Back in the present timeline, Afra finally sees a doctor. She tells him her blindness was caused by the bomb that killed Sami while he was playing in the garden. The doctor says Afra’s eyes seem to be functioning normally, leading him to believe her blindness is her body’s way of coping with the trauma of watching Sami die. Afra insists to the doctor that Nuri is also unwell, that he talks to people who are not there. Nuri protests, but the doctor is suspicious. Later, Lucy Fisher takes Nuri and Afra to their asylum interviews. The immigration officers ask Nuri strange questions that seem designed to catch him in a contradiction or otherwise make it difficult to claim he is in danger in his home country, and he worries he and Afra will be sent back to Syria.

Nuri’s final flashbacks detail his escape from Athens. To knock down the price of a trip to England, he agrees to make deliveries for a smuggler—Mr. Fotakis—for three weeks while he and Afra stay in the man’s apartment. Nuri locks Afra in their room while he makes these deliveries, but on the last night, he forgets the key, and Mr. Fotakis—knowing Nuri and Afra can do nothing without jeopardizing their chance to leave Greece—rapes Afra. The guilt Nuri feels further drives a wedge between him and his wife.
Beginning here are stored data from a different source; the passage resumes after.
Lemma prior_near_opt_eq : exists2 eta, 0 < eta & forall a,
  prior_exp (u a0) - prior_exp (u a) < eta -> a = a0.
Proof.
have [eta eta_gt0 margin] := partitional_margin.
exists eta => // a; apply: contraTeq; rewrite eq_sym -leNgt => a0a.
have mass1 : msg_mass (const_msg m0) m0 != 0.
  by rewrite /msg_mass msg_exp_const_msg eqxx mul1r prior_exp_const ?oner_neq0.
have := margin _ _ _ _ (const_msg_strategy m0) (const_msg_partitional m0) mass1 a0a.
by rewrite !msg_exp_const_msg eqxx !mul1r ger0_norm // subr_ge0.
Qed.

Lemma babbling_RBR : R_BR mu0 u (const_msg m0) (pure_act (fun=> a0)).
Proof.
apply: pure_RBR => [|m b]; first exact: const_msg_strategy.
by rewrite !msg_exp_const_msg ler_wpM2l ?ler0n.
Qed.

Lemma babbling_value : U mu0 V (const_msg m0) (pure_act (fun=> a0)) = v a0.
Proof. by rewrite U_const_act //; exact: const_msg_strategy. Qed.

Lemma persuasion_payoff_ge s r :
  R_BR mu0 u s r -> U mu0 V s r <= persuasion_payoff M mu0 V u.
Proof.
move=> sr_RBR; apply: le_sup_bounded; first by exists s, r.
by move=> _ [s' [r' [[ss [rr _]] ->]]]; exact: U_le1.
Qed.

Lemma cheap_talk_has_sup : has_sup [set x | exists s r,
  S_BR mu0 V s r /\ R_BR mu0 u s r /\ x = U mu0 V s r].
Proof.
split; last by exists 1 => _ [s [r [_ [[ss [rr _]] ->]]]]; exact: U_le1.
exists (v a0), (const_msg m0), (pure_act (fun=> a0)).
split; first exact/const_act_SBR/const_msg_strategy.
by split; [exact: babbling_RBR | rewrite babbling_value].
Qed.

Lemma partitional_has_sup : has_sup [set x | exists s r,
  R_BR mu0 u s r /\ partitional s /\ x = U mu0 V s r].
Proof.
split; last by exists 1 => _ [s [r [[ss [rr _]] [_ ->]]]]; exact: U_le1.
exists (v a0), (const_msg m0), (pure_act (fun=> a0)).
split; first exact: babbling_RBR.
by split; [exact: const_msg_partitional | rewrite babbling_value].
Qed.

Lemma babbling_le_cheap_talk : v a0 <= cheap_talk_payoff M mu0 V u.
Proof.
apply: sup_upper_bound cheap_talk_has_sup _ _.
exists (const_msg m0), (pure_act (fun=> a0)).
split; first exact/const_act_SBR/const_msg_strategy.
by split; [exact: babbling_RBR | rewrite babbling_value].
Qed.

Lemma babbling_le_partitional : v a0 <= partitional_persuasion_payoff M mu0 V u.
Proof.
apply: sup_upper_bound partitional_has_sup _ _.
exists (const_msg m0), (pure_act (fun=> a0)); split; first exact: babbling_RBR.
by split; [exact: const_msg_partitional | rewrite babbling_value].
Qed.

Lemma cheap_talk_payoff_approx e : 0 < e -> exists s r,
  [/\ S_BR mu0 V s r, R_BR mu0 u s r & cheap_talk_payoff M mu0 V u - e < U mu0 V s r].
Proof.
move=> e_gt0; have [_ [s [r [sr_SBR [sr_RBR ->]]]] near] := sup_adherent e_gt0 cheap_talk_has_sup.
by exists s, r.
Qed.

Lemma partitional_payoff_approx e : 0 < e -> exists s r,
  [/\ R_BR mu0 u s r, partitional s &
      partitional_persuasion_payoff M mu0 V u - e < U mu0 V s r].
Proof.
move=> e_gt0; have [_ [s [r [sr_RBR [sp ->]]]] near] := sup_adherent e_gt0 partitional_has_sup.
by exists s, r.
Qed.

(* Diverting a little of a message inducing a low-value action to one inducing a
   high-value action keeps both actions optimal, because a partitional posterior
   never leaves the Receiver indifferent; the gain is bounded below uniformly. *)
Lemma partitional_improvable : exists2 gam, 0 < gam & forall s f m1 m2,
  msg_strategy s -> partitional s -> best_selection mu0 u s f ->
  msg_mass s m1 != 0 -> msg_mass s m2 != 0 -> f m1 != f m2 ->
  exists s' r', R_BR mu0 u s' r' /\ U mu0 V s (pure_act f) + gam <= U mu0 V s' r'.
Proof.
have [G G_gt0 v_sep] := v_gap.
have [eta eta_gt0 margin] := partitional_margin.
have [p p_gt0 p_le] := used_msg_mass_lb.
pose eps := Num.min eta 1.
have eps_gt0 : 0 < eps by rewrite lt_min eta_gt0 ltr01.
have eps01 : 0 <= eps <= 1 by rewrite ltW //= ge_min lexx orbT.
exists (eps * p * G) => [|s f m1 m2 ss sp f_best]; first by rewrite !mulr_gt0.
wlog v12 : m1 m2 / v (f m2) < v (f m1).
  move=> hwlog m1_used m2_used f12.
  case: (ltgtP (v (f m2)) (v (f m1))) => [v12|v21|/v_inj f21].
  - exact: (hwlog m1 m2).
  - by apply: (hwlog m2 m1); rewrite // eq_sym.
  - by rewrite f21 eqxx in f12.
move=> m1_used m2_used f12; have m12 : m1 != m2 by apply: contraNneq f12 => ->.
exists (shift_msg s m1 m2 eps), (pure_act f); split.
  apply: shift_RBR => // b; have [->|b_ne] := eqVneq b (f m1); first by rewrite !subrr mulr0.
  have := margin s m1 _ _ ss sp m1_used b_ne.
  rewrite distrC ger0_norm ?subr_ge0; last exact: f_best.
  move=> gap; apply: le_trans gap.
  apply: le_trans (_ : eps * 1 <= eta); last by rewrite mulr1 ge_min lexx.
  apply: ler_wpM2l; first by case/andP: eps01.
  have /andP[_ ?] := msg_exp_bounds prior m2 ss (u01 b).
  have /andP[? _] := msg_exp_bounds prior m2 ss (u01 (f m1)).
  have := msg_mass_le1 prior m2 ss; lra.
rewrite U_shift_pure lerD2l; apply: ler_pM.
- by rewrite mulr_ge0 // ltW.
- exact: ltW.
- by rewrite ler_pM2l // p_le.
by have := v_sep _ _ f12; rewrite ger0_norm // subr_ge0 ltW.
Qed.

Lemma persuasion_le_babbling_of_partitional :
  persuasion_payoff M mu0 V u <= partitional_persuasion_payoff M mu0 V u ->
  persuasion_payoff M mu0 V u <= v a0.
Proof.
move=> P_le_PP; have [gam gam_gt0 improve] := partitional_improvable.
have [eta eta_gt0 a0_unique] := prior_near_opt_eq.
have [eta' eta'_gt0 margin] := partitional_margin.
apply/ler_addgt0Pr => e e_gt0.
have d_gt0 : 0 < Num.min e gam by rewrite lt_min e_gt0.
have [d_le_e d_le_gam] : Num.min e gam <= e /\ Num.min e gam <= gam by rewrite !ge_min !lexx orbT.
have [s [r [sr_RBR sp near]]] := partitional_payoff_approx d_gt0.
have ss := sr_RBR.1; have [f f_best _] := exists_best_selection_max mu0 u s v a0.
have Ur : U mu0 V s r = U mu0 V s (pure_act f).
  apply: RBR_unique_pure sr_RBR f_best _ => m a m_used a_ne.
  rewrite -subr_eq0 -normr_gt0; exact: lt_le_trans (margin _ _ _ _ ss sp m_used a_ne).
have [m1 m1_used] := exists_used_msg prior ss.
have f_const m : msg_mass s m != 0 -> f m = f m1.
  move=> m_used; apply/eqP; apply: contraT => f_ne.
  have [s' [r' [s'r'_RBR gain]]] := improve s f m m1 ss sp f_best m_used m1_used f_ne.
  have := persuasion_payoff_ge s'r'_RBR; lra.
have U_f : U mu0 V s (pure_act f) = v (f m1).
  rewrite U_pure -[RHS]mul1r -(msg_mass_sum prior ss) mulr_suml.
  by apply: eq_bigr => m _; have [->|/f_const ->] := eqVneq (msg_mass s m) 0; rewrite ?mul0r.
have f_m1 : f m1 = a0.
  apply: a0_unique; apply: le_lt_trans (prior_exp_loss prior (f m1) a0 ss u01 f_best) _.
  by rewrite big1 // => m; apply: contraNeq => /f_const ->.
by move: U_f; rewrite f_m1; lra.
Qed.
Back in England, Nuri returns Mustafa’s latest email, telling him where he is but that he is unwell. He sees Mohammed again and follows him through a door that transports him back to Aleppo, where he submerges himself in the river. He wakes in England on a beach and then spends several days in the hospital. Speaking to Afra after his return, she reveals to Nuri that she does not know Mohammed, that the boy is a product of his own imagination. Nuri realizes this is true, that everything Mohammed did and said and feared were things that Sami did and said and feared. Nuri’s grief over his son’s death led him to create this other boy as a way to cope. That night, he apologizes to Afra and the two of them reminisce about Sami, beginning the long process of healing their shared grief at last.
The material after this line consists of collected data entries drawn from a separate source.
(* Let $\mathcal{G}$ be a finite collection of nonempty subsets of $\{1,\dots,d\}$, let $n=\sum_{g\in\mathcal{G}}|g|$, and let $\mathbb{R}^n$ be partitioned into pairwise disjoint index blocks $j(g)\subseteq\{1,\dots,n\}$, $|j(g)|=|g|$, one for each $g\in\mathcal{G}$, so that for $\mathbf{x}\in\mathbb{R}^n$ the subvector $\mathbf{x}_{j(g)}\in\mathbb{R}^{|g|}$ is identified with a vector supported on the coordinates in $g$. Let $M\in\{0,1\}^{d\times n}$ be the matrix with $(M\mathbf{x})_i=\sum_{g\in\mathcal{G}:\, i\in g}(\text{entry of }\mathbf{x}_{j(g)}\text{ corresponding to coordinate }i)$. Let $\lambda>0$, $w_g>0$ for $g\in\mathcal{G}$, $\mathbf{b}\in\mathbb{R}^d$ and $\rho>0$. Define the augmented Lagrangian $$L_\rho(\mathbf{x}^1,\mathbf{x}^2;\mathbf{y})=\lambda\sum_{g\in\mathcal{G}}w_g\|\mathbf{x}^1_{j(g)}\|_2+\tfrac12\|M\mathbf{x}^2-\mathbf{b}\|_2^2+\langle\mathbf{y},\mathbf{x}^1-\mathbf{x}^2\rangle+\tfrac{\rho}{2}\|\mathbf{x}^1-\mathbf{x}^2\|_2^2,$$ for $\mathbf{x}^1,\mathbf{x}^2,\mathbf{y}\in\mathbb{R}^n$, the augmented dual function $g_\rho(\mathbf{y})=\min_{\mathbf{x}^1,\mathbf{x}^2\in\mathbb{R}^n}L_\rho(\mathbf{x}^1,\mathbf{x}^2;\mathbf{y})$, and let $Y^*$ be the set of maximizers of $g_\rho$ over $\mathbb{R}^n$. Then there exists $\tau_d>0$ such that for all $\mathbf{y}\in\mathbb{R}^n$, $$\mathrm{dist}(\mathbf{y},Y^* )\le\tau_d\|\nabla g_\rho(\mathbf{y})\|_2 .$$
   Context: This is the reformulation of the proximal operator of the latent overlapping group lasso penalty $\Omega(\boldsymbol\beta)=\inf\{\sum_g w_g\|\boldsymbol\nu^{(g)}\|_2:\sum_g\boldsymbol\nu^{(g)}=\boldsymbol\beta,\ \boldsymbol\nu^{(g)}_{g^c}=0\}$ evaluated at $\mathbf{b}$, written as $\min_{\mathbf{x}^1,\mathbf{x}^2}\lambda\sum_g w_g\|\mathbf{x}^1_{j(g)}\|_2+\frac12\|M\mathbf{x}^2-\mathbf{b}\|_2^2$ subject to $\mathbf{x}^1=\mathbf{x}^2$; $L_\rho$ is its augmented Lagrangian with multiplier $\mathbf{y}$ for the constraint $\mathbf{x}^1=\mathbf{x}^2$, and $\mathrm{dist}(\mathbf{y},Y^* )=\inf_{\mathbf{y}^*\in Y^*}\|\mathbf{y}-\mathbf{y}^*\|_2$. *)

From HB Require Import structures.
From mathcomp Require Import all_boot all_order all_algebra.
From mathcomp Require Import all_classical all_reals.
Unset Printing Implicit Defensive.
Import Order.TTheory GRing.Theory Num.Theory.
Local Open Scope ring_scope.
Local Open Scope classical_set_scope.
The next morning, Mustafa arrives at the bed and breakfast, and Nuri breaks down. Both men are older and have experienced so much loss and trauma, but Mustafa hopes that Nuri will come help with his new bee colonies and begin to rebuild. Afra’s sight is slowly returning, enough for her to see three non-native birds take flight from the tree in the courtyard, and this final image represents the hope of finding a new home.